At 5 seconds we'll see lots of log messages from systems with just generally
slow IO systems. It only takes 500 requests queued in front of you to delay
you for 5 seconds (or just one media error with firmware retry). This is fine
as a log message (it helps diagnose slowness) but a 5 second delay does not
justify a warning or error.
At 60 seconds we would probably not see any false positives and a warning or
error would be reasonable.
The message should be rate-limited (you don't want your log messages to
generate additional IO load causing the problem to get worse) and should
include the actual elapsed time to 1ms accuracy if possible.
> Print a WARN if the edit log sync period takes more than X time units
> ---------------------------------------------------------------------
>
> Key: HDFS-3590
> URL: https://issues.apache.org/jira/browse/HDFS-3590
> Project: Hadoop HDFS
> Issue Type: Improvement
> Components: name-node
> Reporter: Harsh J
> Priority: Minor
>
> If an logSync operation, which happens for calls such as FS#create() after
> the edit has been made at the NN metadata, takes longer than X seconds (I'd
> say if it took more than a minute, there's something really wrong with the
> volume it probably got stuck on), we should log a WARN with the volume that
> may have particularly caused it.

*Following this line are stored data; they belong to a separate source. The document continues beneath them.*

Lemma det_mx3_nat (R : comPzRingType) (g : nat -> nat -> R) :
  \det (\matrix_(i < 3, j < 3) g i j) =
    g 0 0 * (g 1 1 * g 2 2 - g 1 2 * g 2 1)
  - g 0 1 * (g 1 0 * g 2 2 - g 1 2 * g 2 0)
  + g 0 2 * (g 1 0 * g 2 1 - g 1 1 * g 2 0).
Proof.
rewrite (expand_det_row _ ord0) !big_ord_recr big_ord0 /= /cofactor /=.
rewrite !(expand_det_row _ ord0) !big_ord_recr big_ord0 /= /cofactor /=.
by rewrite !big_ord0 !det_mx11 !mxE /= /bump /=; ring.
Qed.

Section RotationAttention.
Variable R : realType.

Lemma coord_row d (f : nat -> R) k : (k < d)%N -> Defs.coord (\row_(j < d) f j) k = f k.
Proof. by move=> k_lt; rewrite /Defs.coord (big_pred1 (Ordinal k_lt)) ?mxE. Qed.

Lemma det_mx3_blk d (q u w : 'rV[R]_d) l :
  let a n := Defs.coord q (3 * l + n) in
  let b n := Defs.coord u (3 * l + n) in
  let c n := Defs.coord w (3 * l + n) in
  \det (mx3 (blk q l) (blk u l) (blk w l)) =
    a 0 * (b 1 * c 2 - c 1 * b 2) - b 0 * (a 1 * c 2 - c 1 * a 2)
  + c 0 * (a 1 * b 2 - b 1 * a 2).
Proof.
exact: (det_mx3_nat (fun n m => if m == 0 then Defs.coord q (3 * l + n)
  else if m == 1 then Defs.coord u (3 * l + n) else Defs.coord w (3 * l + n))).
Qed.

Definition rot_query (lam a : R) : 'rV[R]_7 :=
  \row_j [:: 0; 0; lam * sin a; 0; 0; lam * cos a; 1]`_j.
Definition rot_key (b : R) : 'rV[R]_7 :=
  \row_j [:: cos b; sin b; 0; cos b; sin b; 0; 0]`_j.
Definition rot_key' (c : R) : 'rV[R]_7 :=
  \row_j [:: cos c; - sin c; 0; sin c; cos c; 0; 0]`_j.
Definition blank_key (tau : R) : 'rV[R]_7 := \row_j [:: 0; 0; 0; 0; 0; 0; tau]`_j.

Lemma sodet_rot lam a b c :
  sodet (rot_query lam a) (rot_key b) (rot_key' c) = lam * cos (a + b + c).
Proof.
rewrite /sodet; change (7 %/ 3)%N with 2%N.
rewrite big_ord_recr big_ord1 /= !det_mx3_blk /= !coord_row //= !cosD !sinD.
ring.
Qed.

Lemma dotv_rot_blank lam a tau : dotv (rot_query lam a) (blank_key tau) = tau.
Proof. by rewrite /dotv !big_ord_recr big_ord0 /= !mxE /=; ring. Qed.

End RotationAttention.

Lemma attn_out_value0 (R : realType) d (T : transformer R d) N (x : 'I_N -> nat) i :
  Vm T = 0 -> attn_out T x i = (expR (blank_logit T x i) / Defs.partition T x i) *: v_blank T.
Proof.
move=> V0; rewrite /attn_out big1 ?add0r // => j1 _; rewrite big1 // => j2 _.
have -> : hadamard (Defs.val1 T x j1) (Defs.val2 T x j2) = 0.
  by apply/rowP => k; rewrite /Defs.val1 V0 mulmx0 !mxE mul0r.
exact: scaler0.
Qed.

Section SumTransformer.
Variables (R : realType) (M : nat) (lam tau : R).

Definition three_sum_tf : transformer R 7 :=
  @Transformer R 7 M (onehot M) (onehot_mlp R M)
    (\matrix_(a < M) rot_query lam (a%:R * root_angle M))
    (\matrix_(b < M) rot_key (b%:R * root_angle M))
    (\matrix_(c < M) rot_key' (c%:R * root_angle M))
    0 0 (blank_key tau) (delta_mx 0 0) (@threshold R 6) (threshold_mlp R 6).

Variables (N : nat) (x : 'I_N -> 'I_M).

Let xs j := val (x j).

Lemma embed_three_sum_tf (u : 'I_M -> 'rV[R]_7) i :
  embed three_sum_tf xs i *m \matrix_a u a = u (x i).
Proof. by rewrite /embed /= onehotE -rowE rowK. Qed.

Lemma logit_three_sum_tf i j1 j2 :
  logit three_sum_tf xs i j1 j2 = lam * cos ((x i + x j1 + x j2)%:R * root_angle M).
Proof. by rewrite /logit /query /key /key' !embed_three_sum_tf sodet_rot !natrD !mulrDl. Qed.

Lemma blank_logit_three_sum_tf i : blank_logit three_sum_tf xs i = tau.
Proof. by rewrite /blank_logit /query embed_three_sum_tf dotv_rot_blank. Qed.

Lemma tf_output_three_sum_tf i :
  tf_output three_sum_tf xs i = @threshold R 6 (blank_weight
    (fun p : 'I_N * 'I_N => lam * cos ((x i + x p.1 + x p.2)%:R * root_angle M))
    tau *: delta_mx 0 0) 0 0.
Proof.
rewrite /tf_output attn_out_value0 //= /Defs.partition !blank_logit_three_sum_tf pair_bigA.
by under eq_bigr => p _ do rewrite logit_three_sum_tf.
Qed.

End SumTransformer.

Theorem theorem1 (R : realType) (c N M : nat) :
  (0 < N)%N -> (0 < M)%N -> (M <= N ^ c)%N ->
  exists T : transformer R 7,
    forall (x : 'I_N -> 'I_M) (i : 'I_N),
      tf_output T (fun j => val (x j)) i =
      (if [exists j1 : 'I_N, exists j2 : 'I_N,
             (x i + x j1 + x j2) %% M == 0]%N
       then 1 else 0).
Proof.
move=> N_gt0 M_gt0 _.
have [e e_gt0 cos_gap] := cos_root_angle_gap R M_gt0.
set mu : R := 4 * (N * N)%:R; set lam := 2 * mu / e.
have lam_ge0 : 0 <= lam by rewrite divr_ge0 ?mulr_ge0 // ltW.
(* A logit off the zero class loses λe = 2μ, so the blank logit λ - μ is μ
   below the logit of a zero-sum triple and μ above every other logit. *)
have lam_e : lam * e = 2 * mu by rewrite mulrVK ?unitfE ?gt_eqF.
have NN_small := natr_mul_expRN4_le R (N * N).
exists (three_sum_tf M lam (lam - mu)) => x i; rewrite tf_output_three_sum_tf.
case: ifP => [/existsP[j1 /existsP[j2 /eqP s_mod0]] | no_triple].
- apply: threshold_low; rewrite !mxE /= mulr1.
  apply: le_trans (blank_weight_le (mu := mu) (p := (j1, j2)) _) _.
    by rewrite /= cos_root_angle_dvd ?mulr1 ?subrK //; apply/eqP.
  by apply: le_trans NN_small; rewrite ler_peMl ?expR_ge0 // ler1n muln_gt0 N_gt0.
- apply: threshold_high; rewrite !mxE /= mulr1.
  apply: le_trans (blank_weight_ge (mu := mu) _).
    rewrite card_prod card_ord -[X in _ <= X]div1r ler_pdivlMr; last first.
      by rewrite ltr_pwDl ?mulr_ge0 ?expR_ge0.
    by move: NN_small; rewrite -/mu; lra.
  move=> p; set s := (x i + x p.1 + x p.2)%N.
  have s_ndvd : ~~ (M %| s)%N.
    by apply: contraFN no_triple => dvd; apply/existsP; exists p.1; apply/existsP; exists p.2.
  apply: le_trans (ler_wpM2l lam_ge0 (cos_gap _ s_ndvd)) _.
  by rewrite mulrBr mulr1 lam_e; lra.
Qed.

This helps track down, if an NN runs with
> multiple NFS volumes, which particular volume may have caused it, as there's
> no per-NN-dir metrics of any kind.
> I ran into a situation today where a hard-mounted NFS point hung for over X
> minutes but there was no indication in NN's logs after it recovered
> (recovering so late caused its own slew of issues for which I'll file other
> improvement JIRAs) that such an event happened, aside of the Sync (Journal
> Sync) metric spiking with the elapsed sync time value rising up. A log would
> have helped save time investigating this, and possibly would have also
> pin-pointed the bad location more accurately.
--
This message is automatically generated by JIRA.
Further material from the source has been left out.